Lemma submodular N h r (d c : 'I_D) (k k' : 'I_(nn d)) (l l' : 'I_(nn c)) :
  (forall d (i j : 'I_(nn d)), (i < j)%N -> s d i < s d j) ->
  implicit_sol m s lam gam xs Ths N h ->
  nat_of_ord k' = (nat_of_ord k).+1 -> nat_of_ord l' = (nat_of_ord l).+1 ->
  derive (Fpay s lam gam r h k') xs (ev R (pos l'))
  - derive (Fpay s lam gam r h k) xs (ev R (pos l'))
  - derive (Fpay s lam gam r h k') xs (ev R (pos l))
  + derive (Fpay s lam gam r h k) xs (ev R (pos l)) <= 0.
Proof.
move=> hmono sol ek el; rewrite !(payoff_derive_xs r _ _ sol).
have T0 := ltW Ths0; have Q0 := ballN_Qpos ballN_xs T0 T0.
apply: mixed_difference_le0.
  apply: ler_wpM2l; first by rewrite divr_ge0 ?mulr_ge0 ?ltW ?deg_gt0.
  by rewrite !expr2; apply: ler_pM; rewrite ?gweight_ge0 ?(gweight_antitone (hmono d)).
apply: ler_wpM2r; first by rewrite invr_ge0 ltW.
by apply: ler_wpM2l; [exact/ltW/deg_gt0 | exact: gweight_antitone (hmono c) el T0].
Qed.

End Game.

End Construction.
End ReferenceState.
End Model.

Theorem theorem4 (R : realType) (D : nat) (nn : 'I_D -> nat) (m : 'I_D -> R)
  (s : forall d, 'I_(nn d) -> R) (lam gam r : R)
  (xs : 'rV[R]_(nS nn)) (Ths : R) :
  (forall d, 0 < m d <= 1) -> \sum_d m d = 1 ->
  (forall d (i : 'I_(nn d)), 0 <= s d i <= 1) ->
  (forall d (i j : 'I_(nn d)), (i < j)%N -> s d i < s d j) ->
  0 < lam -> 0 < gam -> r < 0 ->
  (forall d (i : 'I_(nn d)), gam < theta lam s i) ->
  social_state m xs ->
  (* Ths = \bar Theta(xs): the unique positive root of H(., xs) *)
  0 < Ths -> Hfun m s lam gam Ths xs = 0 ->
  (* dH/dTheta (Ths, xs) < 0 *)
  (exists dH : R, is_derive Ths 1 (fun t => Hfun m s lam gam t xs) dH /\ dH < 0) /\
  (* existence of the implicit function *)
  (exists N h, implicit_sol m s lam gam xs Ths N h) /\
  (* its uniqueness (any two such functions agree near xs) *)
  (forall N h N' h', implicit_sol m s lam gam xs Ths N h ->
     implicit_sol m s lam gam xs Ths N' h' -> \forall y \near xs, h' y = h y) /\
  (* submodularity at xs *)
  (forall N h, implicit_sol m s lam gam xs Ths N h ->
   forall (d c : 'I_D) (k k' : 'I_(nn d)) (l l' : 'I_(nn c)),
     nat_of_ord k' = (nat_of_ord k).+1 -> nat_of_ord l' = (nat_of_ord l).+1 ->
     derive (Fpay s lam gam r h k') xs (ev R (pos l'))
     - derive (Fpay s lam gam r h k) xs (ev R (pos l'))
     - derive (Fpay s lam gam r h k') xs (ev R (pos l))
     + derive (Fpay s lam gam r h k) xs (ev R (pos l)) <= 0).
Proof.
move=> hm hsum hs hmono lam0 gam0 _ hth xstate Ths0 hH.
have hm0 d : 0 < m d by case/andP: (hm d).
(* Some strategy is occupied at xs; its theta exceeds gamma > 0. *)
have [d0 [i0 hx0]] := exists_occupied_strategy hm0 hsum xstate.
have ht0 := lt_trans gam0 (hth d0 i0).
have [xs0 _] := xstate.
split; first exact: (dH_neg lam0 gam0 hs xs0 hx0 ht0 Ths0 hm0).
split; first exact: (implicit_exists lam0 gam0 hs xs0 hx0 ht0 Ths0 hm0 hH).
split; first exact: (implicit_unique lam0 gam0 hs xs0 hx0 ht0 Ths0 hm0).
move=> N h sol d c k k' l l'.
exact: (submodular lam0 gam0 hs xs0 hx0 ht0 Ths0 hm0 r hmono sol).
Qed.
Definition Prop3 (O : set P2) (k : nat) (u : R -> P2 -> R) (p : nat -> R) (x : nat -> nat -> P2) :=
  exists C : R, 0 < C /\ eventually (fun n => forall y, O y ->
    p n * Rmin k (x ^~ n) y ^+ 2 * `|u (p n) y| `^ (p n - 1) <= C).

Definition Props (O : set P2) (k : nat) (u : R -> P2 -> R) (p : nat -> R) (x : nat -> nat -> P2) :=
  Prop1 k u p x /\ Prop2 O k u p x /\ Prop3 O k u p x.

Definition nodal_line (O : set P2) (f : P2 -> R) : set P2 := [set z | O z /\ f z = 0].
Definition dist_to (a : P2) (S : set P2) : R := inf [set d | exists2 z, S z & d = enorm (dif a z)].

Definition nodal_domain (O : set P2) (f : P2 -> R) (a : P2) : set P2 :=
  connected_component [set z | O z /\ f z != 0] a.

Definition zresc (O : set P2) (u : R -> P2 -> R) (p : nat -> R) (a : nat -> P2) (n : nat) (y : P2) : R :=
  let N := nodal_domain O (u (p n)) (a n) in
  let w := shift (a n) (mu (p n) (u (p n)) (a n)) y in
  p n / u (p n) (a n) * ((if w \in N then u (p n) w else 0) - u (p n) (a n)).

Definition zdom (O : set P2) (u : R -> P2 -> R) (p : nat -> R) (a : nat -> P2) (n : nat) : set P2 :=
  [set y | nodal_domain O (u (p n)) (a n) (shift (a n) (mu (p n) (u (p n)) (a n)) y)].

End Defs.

→ **What to produce**:
Return, exactly as written, the "split; first exact: (implicit_unique" line and each line after it through the end of the listing above.

→ **Result**:
split; first exact: (implicit_unique lam0 gam0 hs xs0 hx0 ht0 Ths0 hm0).
move=> N h sol d c k k' l l'.
exact: (submodular lam0 gam0 hs xs0 hx0 ht0 Ths0 hm0 r hmono sol).
Qed.
Definition Prop3 (O : set P2) (k : nat) (u : R -> P2 -> R) (p : nat -> R) (x : nat -> nat -> P2) :=
  exists C : R, 0 < C /\ eventually (fun n => forall y, O y ->
    p n * Rmin k (x ^~ n) y ^+ 2 * `|u (p n) y| `^ (p n - 1) <= C).

Definition Props (O : set P2) (k : nat) (u : R -> P2 -> R) (p : nat -> R) (x : nat -> nat -> P2) :=
  Prop1 k u p x /\ Prop2 O k u p x /\ Prop3 O k u p x.

Definition nodal_line (O : set P2) (f : P2 -> R) : set P2 := [set z | O z /\ f z = 0].
Definition dist_to (a : P2) (S : set P2) : R := inf [set d | exists2 z, S z & d = enorm (dif a z)].

Definition nodal_domain (O : set P2) (f : P2 -> R) (a : P2) : set P2 :=
  connected_component [set z | O z /\ f z != 0] a.

Definition zresc (O : set P2) (u : R -> P2 -> R) (p : nat -> R) (a : nat -> P2) (n : nat) (y : P2) : R :=
  let N := nodal_domain O (u (p n)) (a n) in
  let w := shift (a n) (mu (p n) (u (p n)) (a n)) y in
  p n / u (p n) (a n) * ((if w \in N then u (p n) w else 0) - u (p n) (a n)).

Definition zdom (O : set P2) (u : R -> P2 -> R) (p : nat -> R) (a : nat -> P2) (n : nat) : set P2 :=
  [set y | nodal_domain O (u (p n)) (a n) (shift (a n) (mu (p n) (u (p n)) (a n)) y)].

End Defs.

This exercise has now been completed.